> **What you need to do**
Keep only those lines of the records that include the string "Lemma".

━━━━━ Supplied material ━━━━━

(* S :\: (v |: [set u | adj v u]) is S minus the closed neighbourhood N[v]. *)
Lemma rhom_nz_ind_del_link S v d : v \in S ->
  rhom_nz F (ind_cx S) d.+1 ->
  rhom_nz F (ind_cx (S :\ v)) d.+1 \/
  rhom_nz F (ind_cx (S :\: (v |: [set u | adj v u]))) d.
Proof.
move=> vS; apply: (rhom_nz_del_link (v := v)).
- exact: ind_cx_down_closed.
- by move=> s; rewrite !ind_cxE => /andP [h ->]; rewrite (subset_trans h (subsetDl _ _)).
- move=> s vs; rewrite !ind_cxE => /andP [/subsetP h ->]; rewrite andbT.
  by apply/subsetP => u us; rewrite !inE h // andbT; apply: contraNneq vs => <-.
- move=> s; rewrite !ind_cxE independentU1 => /andP [/subsetP h ->].
  split; first by apply/negP => /h; rewrite !inE eqxx.
  rewrite andbT; apply/andP; split.
    apply/subsetP => u; rewrite !inE => /orP [/eqP -> //|/h].
    by rewrite !inE => /andP [].
  apply/forallP => u; apply/implyP => /h.
  by rewrite !inE negb_or => /andP [/andP []].
- move=> s vs; rewrite !ind_cxE independentU1 => /and3P [/subsetP h /forall_inP hv ->].
  rewrite andbT; apply/subsetP => u us; rewrite !inE negb_or hv // andbT.
  by rewrite h ?inE ?us ?orbT // andbT; apply: contraNneq vs => <-.
Qed.

Lemma rhom_nz_ind_suspension x y U k : adj x y ->
  x \notin U -> y \notin U ->
  (forall u, u \in U -> ~~ adj x u && ~~ adj y u) ->
  rhom_nz F (ind_cx U) k -> rhom_nz F (ind_cx (x |: (y |: U))) k.+1.
Proof.
move=> axy xU yU hU; have xy : x != y by apply: contraTneq axy => ->; rewrite adj_irr.
apply: (rhom_nz_suspension (x := x) (y := y)) => //.
- move=> s; rewrite ind_cxE => /andP [/subsetP h _].
  by apply/andP; split; apply/negP => /h; apply/negP.
- move=> s; rewrite !ind_cxE => /andP [/subsetP h hi].
  rewrite !independentU1 hi !andbT -andbA.
  apply/and4P; split; try by apply/forall_inP => u /h /hU /andP [].
  + by apply/subsetP => u; rewrite !inE => /orP [->|/h ->]; rewrite ?orbT.
  + by apply/subsetP => u; rewrite !inE => /orP [->|/h ->]; rewrite ?orbT.
- move=> s xs; rewrite !ind_cxE independentU1 => /and3P [/subsetP h /forall_inP hx ->].
  rewrite andbT; apply/subsetP => u us; have := h u; rewrite !inE us orbT => /(_ isT).
  case/or3P => [/eqP eu | /eqP eu | //]; first by rewrite -eu us in xs.
  by move: (hx u us); rewrite eu axy.
Qed.
(* Let $\{x_i\}_{i\in[N]}$ be the global solution of the delayed consensus system described in the context. Then for almost all $t>2\tau$, \[ \frac{\mathrm d}{\mathrm dt}d_x(t)\le 4\int_{t-\tau}^t d_x(s-\tau)\,\mathrm ds+4\tau\int_{t-2\tau}^t\max_{l\in[N]}|\dot x_l(r)|\,\mathrm dr-N\underline a(t)d_x(t), \] where $\underline a(t):=\min_{i,j\in[N]}a_{ij}(t)$.
   Context: Let $N\ge2$, $d\ge1$ be integers, $[N]=\{1,\dots,N\}$, $0\le\sigma\le\tau$. Let $\psi:[0,\infty)\to[0,\infty)$ be continuous, nonincreasing, positive everywhere, with $\sup\psi\le1$. Given $x_i^0\in C([-\tau,0],\mathbb{R}^d)$, $\{x_i\}$ is the global solution (continuous on $[-\tau,\infty)$, continuously differentiable on $[0,\infty)$) of $\dot x_i(t)=\sum_{j\ne i}a_{ij}(t)(x_j(t-\tau)-x_i(t-\sigma))$ for $t>0$, with $a_{ij}(t)=\frac1{N-1}\psi(|x_i(t-\sigma)-x_j(t-\tau)|)$ for all $i,j\in[N]$, and $x_i=x_i^0$ on $[-\tau,0]$. $d_x(t):=\max_{i,j\in[N]}|x_i(t)-x_j(t)|$. *)

From Stdlib Require Import Reals List.
From Coquelicot Require Import Coquelicot.

Local Open Scope R_scope.

Definition sumR (n : nat) (f : nat -> R) : R :=
  fold_right Rplus 0 (map f (List.seq 0 n)).

(* max / min over k = 0, ..., n-1 (meaningful for n >= 1) *)
Definition maxR (n : nat) (f : nat -> R) : R :=
  fold_right Rmax (f 0%nat) (map f (List.seq 0 n)).
Definition minR (n : nat) (f : nat -> R) : R :=
  fold_right Rmin (f 0%nat) (map f (List.seq 0 n)).
(* Let $G=(V,E)$ be a graph with $n$ vertices, $m$ edges and maximum degree $\Delta$, and let $c>0$ be the constant determining the threshold $\tau=(c+1)\log n$. The randomized variant of Procedure Edge-Coloring with parameter $h$ satisfying $\log\left(\Delta\cdot\frac{\log\log n}{4\log n}\right)\le h\le\log\Delta-2$ computes a proper $(\Delta+3\cdot2^h)$-edge-coloring of $G$ in $O\left(m\left(\frac{\Delta}{2^h}\right)^{18}+m\cdot h\right)$ time with probability at least $1-\frac{1}{n^c}$.
   Context: Logarithms are base 2. A proper $k$-edge-coloring is a map $\varphi:E\to\{1,\dots,k\}$ with distinct colors on distinct edges sharing an endpoint. A degree-splitting of $H$ with discrepancy $\kappa$ is a partition $(E_1,E_2)$ of $E(H)$ with $|\deg_{E_1}(v)-\deg_{E_2}(v)|\le\kappa$ for all $v$. Procedure Edge-Coloring$(H,h)$: if $h=0$, return a $(\Delta(H)+1)$-edge-coloring of $H$ with palette $\{1,\dots,\Delta(H)+1\}$ computed by a base-case subroutine. Otherwise compute in $O(|E(H)|)$ time a degree-splitting $(E_1,E_2)$ of $H$ with discrepancy at most 2 and $\{|E_1|,|E_2|\}=\{\lfloor |E(H)|/2\rfloor,\lceil |E(H)|/2\rceil\}$; let $H_1=(V(H),E_1)$, $H_2=(V(H),E_2)$ with isolated vertices discarded; compute $\varphi_1=$ Edge-Coloring$(H_1,h-1)$, $\varphi_2=$ Edge-Coloring$(H_2,h-1)$; return $\varphi=\varphi_1$ on $E_1$ and $\varphi=p_1+\varphi_2$ on $E_2$, where $p_1$ is the palette size of $\varphi_1$. Randomized variant: in the base case, for an input with $n'$ vertices, $m'$ edges and maximum degree $\Delta'$, if $n'\ge\tau$ a randomized algorithm is used that outputs a proper $(\Delta'+1)$-edge-coloring in $O(\Delta'^{18}n')$ time with probability at least $1-\Delta'^{-n'}$; otherwise a deterministic algorithm is used that outputs a proper $(\Delta'+1)$-edge-coloring in $O(m'\Delta'\log n')$ time. *)

From HB Require Import structures.
From mathcomp Require Import all_boot all_order all_algebra.
From mathcomp Require Import reals exp.
Set Implicit Arguments. Unset Strict Implicit. Unset Printing Implicit Defensive.
Import Order.TTheory GRing.Theory Num.Theory.
Local Open Scope ring_scope.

━━━━━

> **Written response**
Lemma rhom_nz_ind_del_link S v d : v \in S ->
Lemma rhom_nz_ind_suspension x y U k : adj x y ->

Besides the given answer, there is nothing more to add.